Take the data below and extract the lines from the one with "each labeling is" to the one with "rewrite !inordK ?ltnS", inclusive, exactly as written.

-----

(* Let $n$ be a positive integer and let $Cl$ be a clique (complete graph) on $\sqrt{n}$ nodes, whose edges carry local port labels at each endpoint. Suppose each node of $Cl$ has a whiteboard of $O(\log n)$ bits of storage and two mobile agents, each with $O(\log n)$ bits of memory, operate in $Cl$. Then the two agents cannot construct the map of $Cl$.
   Context: Constructing the map of a graph means that the agents compute (store) a copy of the graph including all of its port labels. Agents can read and write the whiteboards of the nodes they visit; the only storage available is the agents' memory and the nodes' whiteboards. *)

From mathcomp Require Import all_boot.
Set Implicit Arguments. Unset Strict Implicit. Unset Printing Implicit Defensive.

(* A port labeling assigns to
   each node u a bijection from its local ports 'I_(k.-1) onto the other
   k-1 nodes: [pl u i] is the neighbour reached from u through port i. *)
Definition port_labeling (k : nat) := 'I_k -> 'I_k.-1 -> 'I_k.

Definition valid_labeling k (pl : port_labeling k) : Prop :=
  forall u : 'I_k, injective (pl u) /\ (forall i, pl u i != u).

(* Isomorphism of port-labeled cliques: a renaming of nodes preserving
   all port labels.  A "copy of the graph including all port labels" is
   a port-labeled graph isomorphic to the original. *)
Definition pl_iso k (pl1 pl2 : port_labeling k) : Prop :=
  exists s : 'I_k -> 'I_k, bijective s /\
    forall u i, pl2 (s u) i = s (pl1 u i).

(* Global storage of the system: the memories of the two agents and the
   whiteboards of the k nodes, each a bit string. *)
Definition config (k : nat) := (('I_2 -> seq bool) * ('I_k -> seq bool))%type.

Definition fits k (B : nat) (C : config k) : Prop :=
  (forall a, size (C.1 a) <= B) /\ (forall v, size (C.2 v) <= B).

(* Storage bound c * log n bits (log taken as trunc_log 2 n + 1 >= 1). *)
Definition bits (c n : nat) : nat := c * (trunc_log 2 n).+1.

(* An algorithm run by the two agents, on every port labeling of the clique,
   ends in a final storage configuration [F pl]. *)
Definition constructs_map k (B : nat) (F : port_labeling k -> config k) : Prop :=
  exists decode : config k -> port_labeling k,
    forall pl, valid_labeling pl ->
      fits B (F pl) /\ pl_iso pl (decode (F pl)).

(* Choosing at every node an arbitrary permutation of its ports onto the
   other k - 1 nodes gives ((k-1)!)^k distinct port labelings of the clique on
   k nodes.  Since the decoded map is a copy only up to a renaming of the nodes,
   each labeling is determined by the final storage contents (at most
   ((B+1) 2^B)^(k+2) possibilities with B bits per agent and per whiteboard)
   together with that renaming (k! possibilities).  For B = O(log k) this is
   2^O(k log k) possibilities, far fewer than ((k-1)!)^k = 2^Omega(k^2 log k). *)

From mathcomp Require Import all_boot perm zify.
From Stdlib Require Import FunctionalExtensionality.

Set Implicit Arguments. Unset Strict Implicit. Unset Printing Implicit Defensive.

Section BitEncoding.

Variable B : nat.

Definition encode_bits (s : seq bool) : 'I_B.+1 * {ffun 'I_B -> bool} :=
  (inord (size s), [ffun i : 'I_B => nth false s i]).

Lemma encode_bits_inj s1 s2 : size s1 <= B -> size s2 <= B ->
  encode_bits s1 = encode_bits s2 -> s1 = s2.
Proof.
move=> s1_le s2_le [] /(congr1 (@nat_of_ord _)).
rewrite !inordK ?ltnS // => eq_size /ffunP eq_nth.
apply: (eq_from_nth (x0 := false) eq_size) => i i_lt.
have i_ltB : i < B by apply: leq_trans s1_le.
by have := eq_nth (Ordinal i_ltB); rewrite !ffunE.
Qed.

Definition encode_config k (C : config k) :=
  ([ffun a => encode_bits (C.1 a)], [ffun v => encode_bits (C.2 v)]).

Lemma encode_config_inj k (C1 C2 : config k) : fits B C1 -> fits B C2 ->
  encode_config C1 = encode_config C2 -> C1 = C2.
Proof.
case: C1 C2 => [m1 w1] [m2 w2] [/= m1_le w1_le] [/= m2_le w2_le].
case=> /ffunP eq_m /ffunP eq_w.
congr pair; apply: functional_extensionality => x.
  by apply: encode_bits_inj; have := eq_m x; rewrite !ffunE.
by apply: encode_bits_inj; have := eq_w x; rewrite !ffunE.
Qed.

End BitEncoding.

Section Renaming.

Variable k : nat.

Definition iso_by (pl1 pl2 : port_labeling k) (s : {perm 'I_k}) : bool :=
  [forall u, forall i, pl2 (s u) i == s (pl1 u i)].

Lemma pl_isoP (pl1 pl2 : port_labeling k) : pl_iso pl1 pl2 -> exists s, iso_by pl1 pl2 s.
Proof.
case=> s [/bij_inj s_inj iso_s]; exists (perm s_inj).
by apply/forallP => u; apply/forallP => i; rewrite !permE iso_s.
Qed.

Lemma iso_by_inj (pl1 pl1' pl2 : port_labeling k) s :
  iso_by pl1 pl2 s -> iso_by pl1' pl2 s -> pl1 = pl1'.
Proof.
move=> /forallP iso1 /forallP iso1'.
apply: functional_extensionality => u; apply: functional_extensionality => i.
apply: (@perm_inj _ s).
by move: (iso1 u) (iso1' u) => /forallP/(_ i)/eqP <- /forallP/(_ i)/eqP <-.
Qed.

End Renaming.

Section Counting.

Variables (k B : nat) (F : port_labeling k -> config k).
Variables (T : finType) (f : T -> port_labeling k).
Hypotheses (F_map : constructs_map B F) (f_valid : forall t, valid_labeling (f t)).
Hypothesis f_inj : injective f.

Lemma card_le_constructs_map :
  #|T| <= (B.+1 * 2 ^ B) ^ 2 * (B.+1 * 2 ^ B) ^ k * k`!.
Proof.
case: F_map => decode F_decode.
pose rename t := odflt 1%g [pick s | iso_by (f t) (decode (F (f t))) s].
have rename_iso t : iso_by (f t) (decode (F (f t))) (rename t).
  rewrite /rename; case: pickP => [//|no_iso].
  by have [s] := pl_isoP (F_decode _ (f_valid t)).2; rewrite no_iso.
pose code t := (encode_config B (F (f t)), rename t).
have code_inj : injective code.
  move=> t1 t2 eq_code; apply: f_inj.
  move: (congr1 fst eq_code) (congr1 snd eq_code) => /= eq_enc eq_rename.
  have eq_F : F (f t1) = F (f t2).
    by apply: (encode_config_inj _ _ eq_enc); apply: (F_decode _ (f_valid _)).1.
  by apply: (iso_by_inj (rename_iso t1)); rewrite eq_F eq_rename.
have := leq_card code code_inj.
rewrite !card_prod !card_ffun !card_prod !card_ord.
by rewrite card_ffun card_bool card_ord card_Sn.
Qed.

End Counting.

Definition perm_labeling k (g : {ffun 'I_k -> {perm 'I_k.-1}}) : port_labeling k :=
  fun u i => lift u (g u i).

Lemma perm_labeling_valid k (g : {ffun 'I_k -> {perm 'I_k.-1}}) :
  valid_labeling (perm_labeling g).
Proof.
move=> u; split; first by move=> i j /lift_inj/perm_inj.
by move=> i; rewrite eq_sym neq_lift.
Qed.

Lemma perm_labeling_inj k : injective (@perm_labeling k).
Proof.
move=> g1 g2 eq_pl; apply/ffunP => u; apply/permP => i.
by apply: (@lift_inj _ u); have := congr1 (fun pl => pl u i) eq_pl.
Qed.

Lemma expn_leq_fact a n : a ^ n <= (a + n)`!.
Proof.
elim: n => [|n IHn]; first by rewrite expn0 fact_gt0.
by rewrite addnS factS expnS leq_mul // leqW // leq_addr.
Qed.

Lemma leq_exp2rW m n e : m <= n -> m ^ e <= n ^ e.
Proof. by case: e => // e; rewrite leq_exp2r. Qed.

Lemma fact_leq_expn n : n`! <= n ^ n.
Proof.
elim: n => // n IHn; rewrite factS expnS leq_mul //.
exact: leq_trans IHn (leq_exp2rW _ _).
Qed.

(* With a := k/2 we have k <= a^2, and (k-1)! >= a^(k-1-a) where the
   exponent k - 1 - a exceeds 2(d+1). *)
Lemma expn_lt_fact_predn d k : 4 * d + 8 <= k -> k ^ d.+1 < (k.-1)`!.
Proof.
move=> k_ge; set a := k %/ 2.
have k_le_a2 : k <= a ^ 2 by rewrite /a; nia.
have -> : k.-1 = a + (k.-1 - a) by rewrite /a; lia.
apply: leq_trans (expn_leq_fact _ _).
apply: (@leq_ltn_trans ((a ^ 2) ^ d.+1)); first by rewrite leq_exp2r.
by rewrite -expnM ltn_exp2l /a; lia.
Qed.

Lemma bits_code_size_le c k : 2 <= k ->
  (bits c (k * k)).+1 * 2 ^ bits c (k * k) <= k ^ (6 * c).
Proof.
move=> k_ge2; set B := bits c (k * k); set t := trunc_log 2 (k * k).
have pow_t_le : 2 ^ t <= k * k by apply: trunc_logP => //; nia.
have pow_tS_le : 2 ^ t.+1 <= k ^ 3 by rewrite expnS; nia.
have pow_B_le : 2 ^ B <= k ^ (3 * c).
  by rewrite /B /bits -/t mulnC !expnM leq_exp2rW.
have -> : 6 * c = 3 * c + 3 * c by lia.
by rewrite expnD leq_mul // (leq_trans (ltn_expl _ (leqnn 2)) pow_B_le).
Qed.

Lemma storage_count_lt_labelings c : exists N, forall k, N <= k ->
  ((bits c (k * k)).+1 * 2 ^ bits c (k * k)) ^ 2 *
  ((bits c (k * k)).+1 * 2 ^ bits c (k * k)) ^ k * k`! < (k.-1)`! ^ k.
Proof.
exists (4 * (12 * c) + 8) => k k_ge.
set M := (bits c (k * k)).+1 * _.
have k_ge2 : 2 <= k by lia.
have M_le : M <= k ^ (6 * c) by apply: bits_code_size_le.
apply: (@leq_ltn_trans ((k ^ (6 * c)) ^ k * (k ^ (6 * c)) ^ k * k ^ k)).
  have M2_le : M ^ 2 <= (k ^ (6 * c)) ^ k.
    apply: leq_trans (leq_exp2rW 2 M_le) (leq_pexp2l _ k_ge2).
    by rewrite expn_gt0 ltnW.
  by rewrite !leq_mul ?fact_leq_expn ?leq_exp2rW.
rewrite -2!expnMn ltn_exp2r; last by lia.
by rewrite -expnD -expnSr; apply: expn_lt_fact_predn; lia.
Qed.

Theorem lemma1 :
  forall c : nat, exists N : nat, forall k : nat, N <= k ->
    ~ exists F : port_labeling k -> config k, constructs_map (bits c (k * k)) F.
Proof.
move=> c; have [N count_lt] := storage_count_lt_labelings c.
exists N => k k_ge [F F_map].
have := card_le_constructs_map F_map (@perm_labeling_valid k) (@perm_labeling_inj k).
by rewrite card_ffun card_Sn card_ord leqNgt count_lt.
Qed.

-----

▶ SOLUTION FOR THIS PROBLEM:
   each labeling is determined by the final storage contents (at most
   ((B+1) 2^B)^(k+2) possibilities with B bits per agent and per whiteboard)
   together with that renaming (k! possibilities).  For B = O(log k) this is
   2^O(k log k) possibilities, far fewer than ((k-1)!)^k = 2^Omega(k^2 log k). *)

From mathcomp Require Import all_boot perm zify.
From Stdlib Require Import FunctionalExtensionality.

Set Implicit Arguments. Unset Strict Implicit. Unset Printing Implicit Defensive.

Section BitEncoding.

Variable B : nat.

Definition encode_bits (s : seq bool) : 'I_B.+1 * {ffun 'I_B -> bool} :=
  (inord (size s), [ffun i : 'I_B => nth false s i]).

Lemma encode_bits_inj s1 s2 : size s1 <= B -> size s2 <= B ->
  encode_bits s1 = encode_bits s2 -> s1 = s2.
Proof.
move=> s1_le s2_le [] /(congr1 (@nat_of_ord _)).
rewrite !inordK ?ltnS // => eq_size /ffunP eq_nth.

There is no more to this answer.